Le 13 mars 2015 à 10:49, Austin Harmon aharmon2165@gmail.com a écrit :

There is a plugin called mapper attachments:
GitHub - elastic/elasticsearch-mapper-attachments: Mapper Attachments Type plugin for Elasticsearch This plugin
is supposed to use Tika to index the content of documents but it doesn't
seem to be working correctly. I base64 encode the documents but it comes
back as null when I decode it.
On Friday, March 13, 2015 at 11:38:38 AM UTC-5, Aaron Mefford wrote:

Not certain what you are referring to so I expect not. I have used the
elasticsearch mappings, but I cant see how those would directly integrate
with Tika.

On Fri, Mar 13, 2015 at 10:35 AM, Austin Harmon aharm...@gmail.com
wrote:

Thank you for the information. This going to be very difficult I can
tell. Do you have experience with the mapper attachment?

On Friday, March 13, 2015 at 11:15:18 AM UTC-5, Aaron Mefford wrote:

Your going to have the same issue with SOLR, putting the contents in to
XML which is even heavier than JSON.

I wish that I had some more experience using Tika, I do not. I am
aware of its capabilities but have not had reason to myself.

I see what you are saying about others not having the same issue, but
what you must realize is that most users are not indexing that type of
document. They are indexing events, database records, web pages and so
on. It is a very small subset that index things like word docs and pdfs.
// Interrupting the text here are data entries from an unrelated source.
(* Let $1\le m\le k-1$, $K=\{1,\dots,k\}$, $T\subseteq K$ with $|T|=m$, and let $\mathcal{V}=\{\bm v_1,\dots,\bm v_{m-1}\}$ be $m-1$ distinct points of $PG(k-1,q)$ with $\mathrm{supp}(\bm v_i)\cap T=\emptyset$ for all $i$. If $m\le q^{k-m-1}$, then $M=X^T\cup Y^T_{\mathcal V}\cup Z^T$ is a minimal $(k-m)$-block over $\mathbb{F}_q$.
   Context: Points of $PG(k-1,q)$ are one-dimensional subspaces of $\mathbb{F}_q^k$, identified with any nonzero representing vector; the support $\mathrm{supp}(\bm x)=\{i:x_i\neq0\}$ of a point is well defined. $\bm e_i$ denotes the $i$-th standard unit vector of $\mathbb{F}_q^k$. Define $X^T=\{\bm x\in PG(k-1,q): \mathrm{supp}(\bm x)\cap T=\emptyset\}$; $Y^T_{\mathcal V}=\{\bm x\in PG(k-1,q): |\mathrm{supp}(\bm x)\cap T|=1\}$ minus all points represented by $\bm v_i+\lambda\bm e_j$ with $\bm v_i\in\mathcal V$, $j\in T$, $\lambda\in\mathbb{F}_q\setminus\{0\}$; $Z^T=\{\bm x\in PG(k-1,q): \mathrm{supp}(\bm x)\text{ is a 2-element subset of }T\}$. For $1\le r\le k-1$, a set $M$ of points of $PG(k-1,q)$ is an $r$-block if every $(k-r)$-dimensional linear subspace of $\mathbb{F}_q^k$ contains at least one point of $M$. A tangent of a point $\bm x\in M$ is a $(k-r)$-dimensional linear subspace $U$ of $\mathbb{F}_q^k$ whose set of points meets $M$ exactly in $\{\bm x\}$. An $r$-block $M$ is minimal if every point of $M$ has a tangent. *)

From HB Require Import structures.
From mathcomp Require Import all_boot all_order all_algebra all_fingroup all_field.
Set Implicit Arguments. Unset Strict Implicit. Unset Printing Implicit Defensive.
Import GRing.Theory.
Local Open Scope ring_scope.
On Fri, Mar 13, 2015 at 9:42 AM, Austin Harmon aharm...@gmail.com
wrote:

Thank you for the information. I've been trying to use the mapper
attachment which has Apache Tika built into it. I am just surprised and
confused that so many companies use elasticsearch but yet it is so
difficult to index the contents of a document. If I need to index the
contents of documents then would it be easier and more efficient to switch
over to Apache Solr? As I said I have 2TB of data so it isn't efficient for
me to manually input each document so it can be indexed with specific JSON.
If you have any experience with Solr please let me know if it would be a
good solution to my problem.

thanks,
Austin

On Thursday, March 12, 2015 at 4:04:29 PM UTC-5, Aaron Mefford wrote:

Take a look at Apache Tika http://tika.apache.org/
http://www.google.com/url?q=http%3A%2F%2Ftika.apache.org%2F&sa=D&sntz=1&usg=AFQjCNFq7mCziZJJYGt9JOe_w89GwPFWng.
It will allow you to extract the contents of the documents for indexing,
this is outside of the scope of the Elasticsearch indexing. A good tool to
make these files downloadable is also out of scope, but I'll answer to what
is in scope. You need to put the files some where that they can be
accessed by a URL. Any webserver is capable of this, of course your needs
may very but this isnt the list for those questions. Once you have a URL
that the document can be accessed by, include that in your indexing of the
document so that you can point to that URL in your search results.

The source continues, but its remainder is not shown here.